I usually use either a wash cloth or a net pouf ( they are often called sponges, but they aren’t really.) I find they work better than my hands for body wash/shower gel , I can use the long ones with handles for my back (where my hands dont reach) and the exfoliation helps the little bumps on my thighs.
We always close the lid on the toilet. That’s got to cut back on the problem.
I’ve got a couple of cheap poufs I like. I also have some antibacterial soap I do NOT use for regular washing, but break out for certain things, like washing wounds, handwashing before food prep when I am sick, and washing occasional extreme grossness. I wash the pouf out with it every couple of days, and let it dry soapy, then rinse it thoroughly before the next use. I also throw it in with the towels and sheets every few weeks, where it gets washed on hot with a tsp of bleach in a full load.
Kitchen sponges respond well to microwaving. Leave them a bit damp with Dawn and water and nuke them for a minute and 15 seconds. The hot vapors also help clean the microwave.
Or spread the goo!! Gah!
Where is my gallon of bleach.
We’re fond of those ubiquitous yellow sponges with a green scrubby side. They start off in dishwashing service, and once they get a bit used looking, one corner gets cut off and they are designated for countertop wiping. A while later, another corner is cut off and they clean the floor around the cat bowls, until finally another corner goes away and they get one last gasp use in the bathroom and are discarded.
Weird though?
Maybe I don’t ask about loofah use enough but I don’t hear much about that as a cause of folliculitis. (Which generally goes away without treatment.)
And aesolized toilet water? We must be just missing all the horrible E. coli pneumonias or even colitis episodes from it. ![]()
I completely get extra caution for those with compromised immune systems, including diabetes. But to my thinking the bigger risk for those cases is any tiny but multiple breaks in the skin that a loofah, even a sterile new one, can cause. Not as much as shaving but still. The skin has a thriving microbiome chock full of bugs.
And the buggies in your own toilet are generally the ones already peaceably living in your gut. As @DSeid says, as long as you don’t have open wounds, they are pretty harmless to you.
There are foreign bacteria in your kitchen that hitched a ride in on your food. Most of those are harmless, too, but if you are unlucky there might be nasty ones that won’t live peaceably in your gut.

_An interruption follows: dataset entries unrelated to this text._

Definition hnorm2 (R : realType) (V : lmodType R[i]) (ip : V -> V -> R[i]) (x : V) : R :=
  Re (ip x x).

Definition proj_perp (R : realType) (V : lmodType R[i]) (ip : V -> V -> R[i]) (e x : V) : V :=
  x - ip x e *: e.

Definition normalize (R : realType) (V : lmodType R[i]) (ip : V -> V -> R[i]) (v : V) : V :=
  (hnorm ip v)^-1%:C *: v.

Section InnerProduct.
Variables (R : realType) (V : lmodType R[i]) (ip : V -> V -> R[i]).
Hypothesis ip_ax : inner_product_axioms ip.
Implicit Types (a : R[i]) (x y z e : V).

Lemma ip_linear_l z : is_linear_op (ip^~ z).
Proof. by move=> a x y; case: ip_ax => ->. Qed.

Lemma ip_conj x y : ip y x = (ip x y)^*.
Proof. by case: ip_ax. Qed.

Lemma ip0l z : ip 0 z = 0.
Proof. exact: linear_op0 (ip_linear_l z). Qed.

Lemma ipDl x y z : ip (x + y) z = ip x z + ip y z.
Proof. exact: (linear_opD (ip_linear_l z) x y). Qed.

Lemma ipZl a x z : ip (a *: x) z = a * ip x z.
Proof. exact: (linear_opZ (ip_linear_l z) a x). Qed.

Lemma ipBl x y z : ip (x - y) z = ip x z - ip y z.
Proof. exact: (linear_opB (ip_linear_l z) x y). Qed.

Lemma ipDr x y z : ip z (x + y) = ip z x + ip z y.
Proof. by rewrite ip_conj ipDl rmorphD /= -!ip_conj. Qed.

Lemma ipZr a x z : ip z (a *: x) = a^* * ip z x.
Proof. by rewrite ip_conj ipZl rmorphM /= -ip_conj. Qed.

Lemma ip_self_real x : ip x x = (hnorm2 ip x)%:C.
Proof.
case: ip_ax => _ _ /(_ x) + _; rewrite /hnorm2 lecE /=.
by case: (ip x x) => a b /= /andP[/eqP-> _].
Qed.

Lemma hnorm2_ge0 x : 0 <= hnorm2 ip x.
Proof. by case: ip_ax => _ _ /(_ x); rewrite lecE => /andP[]. Qed.

Lemma hnorm2_eq0 x : hnorm2 ip x = 0 -> x = 0.
Proof. by move=> x0; case: ip_ax => _ _ _; apply; rewrite ip_self_real x0. Qed.

Lemma hnorm2D x y : hnorm2 ip (x + y) = hnorm2 ip x + hnorm2 ip y + 2 * Re (ip x y).
Proof. by rewrite /hnorm2 ipDl !ipDr [ip y x]ip_conj !raddfD /= Re_conj; ring. Qed.

Lemma hnorm2Z a x : hnorm2 ip (a *: x) = normc2 a * hnorm2 ip x.
Proof. by rewrite /hnorm2 ipZl ipZr mulrA mulcJ_normc2 ip_self_real -rmorphM. Qed.

Lemma hnorm2_add_orth x e a : ip x e = 0 ->
  hnorm2 ip (x + a *: e) = hnorm2 ip x + normc2 a * hnorm2 ip e.
Proof. by move=> xe; rewrite hnorm2D hnorm2Z ipZr xe mulr0 /= mulr0 addr0. Qed.

Lemma hnorm_sqr x : hnorm ip x ^+ 2 = hnorm2 ip x.
Proof. by rewrite sqr_sqrtr ?hnorm2_ge0. Qed.

Lemma hnorm_ge0 x : 0 <= hnorm ip x.
Proof. exact: sqrtr_ge0. Qed.

Lemma hnormZr (r : R) x : hnorm ip (r%:C *: x) = `|r| * hnorm ip x.
Proof. by rewrite /hnorm -/(hnorm2 ip _) hnorm2Z normc2_real sqrtrM ?sqr_ge0 // sqrtr_sqr. Qed.

Lemma hnorm_gt0 x : (0 < hnorm ip x) = (x != 0).
Proof.
rewrite sqrtr_gt0 lt_def hnorm2_ge0 andbT.
apply/idP/idP => [|/eqP x0]; last by apply/eqP => /hnorm2_eq0.
by apply: contra_neq => ->; rewrite /hnorm2 ip0l.
Qed.

Lemma hnorm0 : hnorm ip 0 = 0.
Proof. by apply/eqP; rewrite eq_le hnorm_ge0 andbT leNgt hnorm_gt0 eqxx. Qed.

Lemma hnorm_normalize v : 0 < hnorm ip v -> hnorm ip (normalize ip v) = 1.
Proof.
by move=> v_gt0; rewrite hnormZr ger0_norm ?invr_ge0 ?(ltW v_gt0) // mulVf ?lt0r_neq0.
Qed.

Lemma normalizeK v : 0 < hnorm ip v -> (hnorm ip v)%:C *: normalize ip v = v.
Proof.
move=> v_gt0; rewrite scalerA -rmorphM mulfV ?lt0r_neq0 //.
by rewrite (rmorph1 (real_complex R)) scale1r.
Qed.

Lemma exists_unit_vector : infinite_dimensional V -> exists u : V, hnorm ip u = 1.
Proof.
case/(_ [::]) => v v_neq0; exists (normalize ip v); apply: hnorm_normalize.
by rewrite hnorm_gt0; apply/eqP => v0; apply: (v_neq0 (fun=> 0)); rewrite v0 big_ord0.
Qed.

Section UnitVector.
Variable e : V.
Hypothesis e_unit : hnorm2 ip e = 1.

Lemma ip_unit_self : ip e e = 1.
Proof. by rewrite ip_self_real e_unit. Qed.

Lemma proj_perp_orth x : ip (proj_perp ip e x) e = 0.
Proof. by rewrite ipBl ipZl ip_unit_self mulr1 subrr. Qed.

Lemma hnorm2_proj_perp x :
  hnorm2 ip x = hnorm2 ip (proj_perp ip e x) + normc2 (ip x e).
Proof. by rewrite -{1}[x](subrK (ip x e *: e)) hnorm2_add_orth ?proj_perp_orth // e_unit mulr1. Qed.

End UnitVector.

Lemma linear_proj_perp e : is_linear_op (proj_perp ip e).
Proof.
move=> a x y; rewrite /proj_perp (ip_linear_l e) scalerDl -scalerA scalerBr.
by rewrite opprD addrACA.
Qed.

Lemma linear_rank_one (W : lmodType R[i]) (u : V) (w : W) (c : R[i]) :
  is_linear_op (fun x => (ip x u * c) *: w).
Proof. by move=> a x y; rewrite (ip_linear_l u) mulrDl scalerDl scalerA mulrA. Qed.

End InnerProduct.

Section NearMinimizer.
Variables (R : realType) (V1 V2 : lmodType R[i]).
Variables (ip1 : V1 -> V1 -> R[i]) (ip2 : V2 -> V2 -> R[i]).
Hypotheses (ax1 : inner_product_axioms ip1) (ax2 : inner_product_axioms ip2).
Variable A : V1 -> V2.
Hypothesis linA : is_linear_op A.
Variables (x0 : V1) (K m : R).
Hypothesis x0_unit : hnorm2 ip1 x0 = 1.
Hypothesis A_le : forall x, hnorm2 ip2 (A x) <= K * hnorm2 ip1 x.
Hypothesis A_ge : forall x, m ^+ 2 * hnorm2 ip1 x <= hnorm2 ip2 (A x).

Lemma near_minimizer_orth y : ip1 y x0 = 0 ->
  normc2 (ip2 (A y) (A x0)) <= (hnorm2 ip2 (A x0) - m ^+ 2) * (K + 1) * hnorm2 ip1 y.
Proof.
move=> y_perp; set c := ip2 (A y) (A x0); set N := hnorm2 ip1 y.
set gap := hnorm2 ip2 (A x0) - m ^+ 2.
have K_ge0 : 0 <= K.
  by have := A_le x0; rewrite x0_unit mulr1; apply: le_trans; apply: hnorm2_ge0.
have [N0|N_neq0] := eqVneq N 0.
  by rewrite /c (hnorm2_eq0 ax1 N0) (linear_op0 linA) ip0l // normc20 N0 mulr0.
have N_gt0 : 0 < N by rewrite lt_def N_neq0 hnorm2_ge0.
(* Minimality of [m] along the line [x0 + s y] bounds the cross term [c]. *)
have key r : 2 * r * normc2 c <= gap + r ^+ 2 * normc2 c * (K * N).
  pose s := - (r%:C * c^*).
  have ns : normc2 s = r ^+ 2 * normc2 c by rewrite normc2N normc2M normc2_real normc2_conj.
  have sc : Re (s * c) = - (r * normc2 c).
    by rewrite mulNr -mulrA [_^* * c]mulrC mulcJ_normc2 -rmorphM.
  have := A_ge (s *: y + x0); rewrite (linear_opD linA) (linear_opZ linA) !hnorm2D // !hnorm2Z //.
  rewrite !ipZl // y_perp mulr0 /= mulr0 addr0 -/c sc x0_unit ns -/N.
  have := ler_wpM2l (mulr_ge0 (sqr_ge0 r) (normc2_ge0 c)) (A_le y).
  have := mulr_ge0 (mulr_ge0 (sqr_ge0 m) (mulr_ge0 (sqr_ge0 r) (normc2_ge0 c))) (ltW N_gt0).
  rewrite /gap -/N; nra.
pose W := (K + 1) * N.
have W_gt0 : 0 < W by rewrite mulr_gt0 // ltr_wpDl.
have r_gt0 : 0 < W^-1 by rewrite invr_gt0.
have rKN : W^-1 * (K * N) <= 1.
  rewrite -(mulVf (lt0r_neq0 W_gt0)) ler_wpM2l ?(ltW r_gt0) // /W.
  by rewrite mulrDl mul1r lerDl ltW.
have rC_le : W^-1 * normc2 c <= gap.
  have := ler_wpM2l (mulr_ge0 (ltW r_gt0) (normc2_ge0 c)) rKN.
  have := key W^-1; nra.
have -> : normc2 c = W^-1 * normc2 c * W by rewrite mulrAC mulVf ?mul1r ?lt0r_neq0.
rewrite -[gap * _ * N]mulrA -/W.
by apply: ler_wpM2r; first exact: ltW.
Qed.

End NearMinimizer.

Section Operators.
Variables (R : realType) (V1 V2 : lmodType R[i]).
Variables (ip1 : V1 -> V1 -> R[i]) (ip2 : V2 -> V2 -> R[i]).
Hypotheses (ax1 : inner_product_axioms ip1) (ax2 : inner_product_axioms ip2).

Lemma hnorm_le_mulP (c : R) (v : V2) (x : V1) : 0 <= c ->
  (hnorm ip2 v <= c * hnorm ip1 x) = (hnorm2 ip2 v <= c ^+ 2 * hnorm2 ip1 x).
Proof.
move=> c_ge0; rewrite -[c * _]/(c * Num.sqrt (hnorm2 ip1 x)).
rewrite -[c in c * _]ger0_norm // -sqrtr_sqr -sqrtrM ?sqr_ge0 //.
by rewrite ler_sqrt // mulr_ge0 ?sqr_ge0 ?hnorm2_ge0.
Qed.

Lemma mul_le_hnormP (c : R) (v : V2) (x : V1) : 0 <= c ->
  (c * hnorm ip1 x <= hnorm ip2 v) = (c ^+ 2 * hnorm2 ip1 x <= hnorm2 ip2 v).
Proof.
move=> c_ge0; rewrite -[c * _]/(c * Num.sqrt (hnorm2 ip1 x)).
rewrite -[c in c * _]ger0_norm // -sqrtr_sqr -sqrtrM ?sqr_ge0 //.
by rewrite ler_sqrt // hnorm2_ge0.
Qed.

I liked the article in the initial post. I began using loofahs last year and have bleached them once a week but have always been reluctant to trash them. I’m making a tighter disposal schedule now.
The more important point is that there’s a food source in the kitchen (sponge): All the stuff you wiped off the counter, the dishes, etc. Even then, if you spread a bunch of bacteria from your sponge across the countertop when you wipe it, they die when the countertop dries.
In the bathroom there isn’t that food source. Also the towels dry out, as do most other things. After a week the towels may start to get a bit funky because they do take a while to dry and can start to get a little mildewy smelling, so they go in the laundry. For poufs and bath sponges, I wring them out when I’m done, but also try to leave them soapy. Dry(ish) and soapy is not an hospitable environment for microbes. I don’t use those every day, but I’ve never had them go smelly, they always get tossed because of some sort of mechanical deterioration. Also yes, these are the microbes that already live on you, and they haven’t eaten you alive…yet.
I think the real risk in your kitchen is that you might have salmonella, one of the rare-but-deadly strains of e-coli, listeria, etc. that hitched a ride in, and you don’t want to give them a safe place to hide. Whereas unless you are sick, none of those things are likely to be in your bathroom. (And if you are sick, it’s best to avoid sharing a bathroom with others, if possible.)
I don’t think your kitchen sponge is a great food source for bacteria, but the bits of food it may have picked up are. Likewise, the bits of dead skin clinging to your bath sponge or towel are food sources for whatever lives there. Both are less hospitable if you can keep them clean and dry.
Naw, Dawn steam kills everything. But you can put bleach on the sponge then microwave it. Unless the bleach, germs and microwaves replicates the conditions that spawned early lifeforms.
What?…you tryna freak me all the way out?
No..seriously Dawn is the bomb. Does so much work as to be almost amazing.
One time I ran out of washcloths, and decided to try a microfiber cloth. I figured it being thin it would just rollup, but they work perfectly and hold a remarkable amount of lather. The only drawback is their lack of nap for scrubbing. They’re all I use now.